Dans une population de 41 patients (56 yeux) opérés de viscocanalostomie et suivis pendant 12 mois, Drusedau rapporte
un taux de succès absolu de 36 % (PIO < 21 mmHg sans traitement)
et un taux de succès relatif de 79 % (PIO < 21 mmHg avec traitement
d’appoint), la PIO moyenne passant de 28,1 ± 7,4 mmHg en
préopératoire, à 17,8 ± 3,8 mmHg en postopératoire. Les
complications postopératoires sont limitées à 2 % d’hypotonie, 17 %
de Seidel et 2 % de cataracte.
2- Études prospectives :
Sunarevic-Mégevand et al, dans une série de 67 yeux de 67
patients porteurs de glaucome à angle ouvert, rapportent 88 % de
succès global de la viscocanalostomie à 3 ans (PIO de moins de
21 mmHg avec ou sans traitement d’appoint, et réduction de la PIO
de plus de 30 %).
Si l’on considère les succès tensionnels sans
traitement d’appoint, ils sont de 68% à 1 an et de 59% à 3 ans.
Aucune complication notable n’est observée dans cette série.

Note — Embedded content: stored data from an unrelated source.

(* Let $R_t\in\mathbb R^{K\times K}$ and $M_t\in\mathbb R^{d\times d}$ be symmetric positive definite, $G_t\in\mathbb R^{K\times d}$, $r_t^\star,\varepsilon_t^\theta\in\mathbb R^K$, $r_t=r_t^\star-\varepsilon_t^\theta$, and $\ell_t(u;r)=\frac12\|r-G_tu\|^2_{R_t^{-1}}$. Assume $\|\varepsilon_t^\theta\|_{R_t^{-1}}\le B_t^\theta$ and $G_t^\top R_t^{-1}G_t\preceq\alpha_tM_t$ for some $B_t^\theta\ge0$, $\alpha_t\ge0$. Then for every pair $m,v\in\mathbb R^d$, $$\ell_t(m;r_t)-\ell_t(v;r_t)\le\ell_t(m;r_t^\star)-\ell_t(v;r_t^\star)+\frac{\alpha_t}{2}\|m-v\|^2_{M_t}+\frac12(B_t^\theta)^2.$$
   Context: $\|a\|^2_{M}=a^\top Ma$; $\preceq$ is the Loewner order. In the application, $M_t$ is the pre-update precision of the discrepancy state, $r_t^\star$ the residual against the oracle projected simulator anchor, $\varepsilon_t^\theta$ the anchor error, and $r_t$ the residual used by the discrepancy update. *)

From HB Require Import structures.
From mathcomp Require Import all_boot all_order all_algebra.
Set Implicit Arguments. Unset Strict Implicit. Unset Printing Implicit Defensive.
Import Order.TTheory GRing.Theory Num.Theory.
Local Open Scope ring_scope.

Definition sqnorm (R : realFieldType) (n : nat) (M : 'M[R]_n) (a : 'cV[R]_n) : R :=
  ((a^T *m M *m a) 0 0).

Definition spd (R : realFieldType) (n : nat) (M : 'M[R]_n) : Prop :=
  M^T = M /\ forall x : 'cV[R]_n, x != 0 -> 0 < sqnorm M x.

Definition loewner_le (R : realFieldType) (n : nat) (A B : 'M[R]_n) : Prop :=
  forall x : 'cV[R]_n, 0 <= sqnorm (B - A) x.

Definition ell (R : realFieldType) (K d : nat) (Rt : 'M[R]_K) (G : 'M[R]_(K, d))
  (u : 'cV[R]_d) (r : 'cV[R]_K) : R :=
  2^-1 * sqnorm (invmx Rt) (r - G *m u).

From HB Require Import structures.
From mathcomp Require Import all_boot all_order all_algebra.
From mathcomp Require Import lra.
Import Order.TTheory GRing.Theory Num.Theory.
Set Implicit Arguments. Unset Strict Implicit.
Local Open Scope ring_scope.

(* Expanding the square, replacing r* by r* - eps changes the loss at u by
   -<eps, r* - G u> + |eps|^2/2 in the R^-1 inner product, so the two loss
   differences differ by the cross term <eps, G (m - v)>.  Since R^-1 is
   positive semidefinite, 2<a, b> <= |a|^2 + |b|^2; with |G w|^2 <= alpha |w|_M^2
   (the Loewner bound) and |eps|^2 <= B^2 this bounds the cross term. *)

Definition mxform (R : comNzRingType) (n : nat) (P : 'M[R]_n) (x y : 'cV[R]_n) : R :=
  (x^T *m P *m y) 0 0.

Section BilinearForm.

Variables (R : comNzRingType) (n : nat) (P : 'M[R]_n).

Lemma mxformBl x y z : mxform P (x - y) z = mxform P x z - mxform P y z.
Proof. by rewrite /mxform linearB /= !mulmxBl !mxE. Qed.

Lemma mxformBr x y z : mxform P x (y - z) = mxform P x y - mxform P x z.
Proof. by rewrite /mxform mulmxBr !mxE. Qed.

Lemma mxformC x y : P^T = P -> mxform P x y = mxform P y x.
Proof.
move=> symP; rewrite /mxform.
transitivity ((x^T *m P *m y)^T 0 0); first by rewrite [RHS]mxE.
by rewrite !trmx_mul trmxK symP mulmxA.
Qed.

End BilinearForm.

Section QuadraticForm.

Variables (R : realFieldType) (n : nat).

Lemma sqnormB (P : 'M[R]_n) x y : P^T = P ->
  sqnorm P (x - y) = sqnorm P x - 2 * mxform P x y + sqnorm P y.
Proof.
move=> symP; rewrite /sqnorm -!/(mxform _ _ _) mxformBl !mxformBr.
by rewrite (mxformC y x symP); lra.
Qed.

Lemma mxform_le_sqnorm (P : 'M[R]_n) x y : P^T = P ->
  (forall z, 0 <= sqnorm P z) -> 2 * mxform P x y <= sqnorm P x + sqnorm P y.
Proof. by move=> symP psdP; have := psdP (x - y); rewrite sqnormB //; lra. Qed.

Lemma sqnorm_mulmx m (P : 'M[R]_m) (G : 'M[R]_(m, n)) w :
  sqnorm P (G *m w) = sqnorm (G^T *m P *m G) w.
Proof. by rewrite /sqnorm trmx_mul !mulmxA. Qed.

Lemma sqnormZ (a : R) (M : 'M[R]_n) x : sqnorm (a *: M) x = a * sqnorm M x.
Proof. by rewrite /sqnorm -scalemxAr -scalemxAl mxE. Qed.

Lemma loewner_le_sqnorm (A B : 'M[R]_n) x :
  loewner_le A B -> sqnorm A x <= sqnorm B x.
Proof.
by move=> /(_ x); rewrite /sqnorm mulmxBr mulmxBl !mxE subr_ge0.
Qed.

Lemma spd_sqnorm_ge0 (M : 'M[R]_n) x : spd M -> 0 <= sqnorm M x.
Proof.
case=> _ posM; have [->|x_neq0] := eqVneq x 0; last exact/ltW/posM.
by rewrite /sqnorm mulmx0 mxE.
Qed.

Lemma spd_trmx_invmx (M : 'M[R]_n) : spd M -> (invmx M)^T = invmx M.
Proof. by case=> symM _; rewrite trmx_inv symM. Qed.

(* For a singular [M], [invmx M = M]; otherwise write [x = M y]. *)
Lemma spd_sqnorm_invmx_ge0 (M : 'M[R]_n) x : spd M -> 0 <= sqnorm (invmx M) x.
Proof.
move=> spdM; have [unitM|] := boolP (M \in unitmx); last first.
  by move=> nunitM; rewrite invmx_out ?inE //; apply: spd_sqnorm_ge0.
have -> : sqnorm (invmx M) x = sqnorm M (invmx M *m x).
  rewrite /sqnorm trmx_mul (spd_trmx_invmx spdM) -!mulmxA.
  by rewrite (mulmxA M) mulmxV // mul1mx.
exact: spd_sqnorm_ge0.
Qed.

End QuadraticForm.

Lemma ell_subr (R : realFieldType) (K d : nat) (Rt : 'M[R]_K) (G : 'M[R]_(K, d))
    u r e : (invmx Rt)^T = invmx Rt ->
  ell Rt G u (r - e)
  = ell Rt G u r - mxform (invmx Rt) e (r - G *m u) + 2^-1 * sqnorm (invmx Rt) e.
Proof.
move=> symP; rewrite /ell addrAC sqnormB // (mxformC _ _ symP); lra.
Qed.

Theorem corollary2 (R : realFieldType) (K d : nat)
  (Rt : 'M[R]_K) (Mt : 'M[R]_d) (Gt : 'M[R]_(K, d))
  (rstar eps : 'cV[R]_K) (B alpha : R) :
  spd Rt -> spd Mt ->
  0 <= B -> 0 <= alpha ->
  sqnorm (invmx Rt) eps <= B ^+ 2 ->
  loewner_le (Gt^T *m invmx Rt *m Gt) (alpha *: Mt) ->
  forall m v : 'cV[R]_d,
    ell Rt Gt m (rstar - eps) - ell Rt Gt v (rstar - eps)
    <= ell Rt Gt m rstar - ell Rt Gt v rstar
       + alpha / 2 * sqnorm Mt (m - v) + 2^-1 * B ^+ 2.
Proof.
move=> spdR _ _ _ epsB GM m v.
set P := invmx Rt; have symP : P^T = P := spd_trmx_invmx spdR.
rewrite !ell_subr //.
have cross : mxform P eps (rstar - Gt *m v) - mxform P eps (rstar - Gt *m m)
    = mxform P eps (Gt *m (m - v)).
  by rewrite -mxformBr mulmxBr opprB addrC addrA subrK.
have cauchy := mxform_le_sqnorm eps (Gt *m (m - v)) symP
  (fun z => spd_sqnorm_invmx_ge0 z spdR).
have GwM := loewner_le_sqnorm (m - v) GM.
rewrite sqnormZ -sqnorm_mulmx -/P in GwM.
lra.
Qed.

Une étude publiée par Carassa et al compare de façon prospective
la viscocanalostomie et la trabéculectomie.
Les PIO moyennes
initiale et finale sont comparables dans les deux groupes,
respectivement 24,6 ± 10,6 mmHg et 14,0 ± 2,6 mmHg dans le
groupe trabéculectomie (suivi moyen de 11,0 ± 1,5 mois), et 22,3 ±
7,4 mmHg et 13,3 ± 3,8 mmHg dans le groupe viscocanalostomie
(suivi moyen de 10,9 ± 1,8 mois).
Jonescu-Cuypers est moins optimiste en ce qui concerne la
viscocanalostomie, puisque dans une étude prospective randomisée
comparant à 6 mois les résultats de la trabéculectomie (10 yeux) à
ceux de la viscocanalostomie (10 yeux), il constate que 50 % des yeux
opérés de trabéculectomie ont une tension oculaire comprise entre 7
et 20 mmHg sans traitement, tandis qu’aucun des yeux opérés de
viscocanalostomie ne répond à ce critère de succès à 6 mois, la
période de baisse tensionnelle postopératoire étant plus courte après
viscocanalostomie qu’après trabéculectomie.
Conclusion
:
La chirurgie filtrante non perforante permet de contrôler la PIO des
patients porteurs d’un glaucome à angle ouvert en minimisant les
risques d’hypotonie.
Les résultats obtenus sont comparables à ceux de la trabéculectomie, avec une moindre incidence de complications
postopératoires précoces.
Le contrôle tensionnel paraît meilleur lorsqu’à
la sclérectomie s’associe une trabéculectomie externe.
La possibilité de
réaliser une ouverture de la membrane trabéculaire résiduelle au laser
dans les suites de la chirurgie, même au long cours, augmente les taux
de succès de la chirurgie.
D’autres études prospectives seraient utiles
pour conforter ces résultats et évaluer l’intérêt des différents types
d’implants au décours de la chirurgie.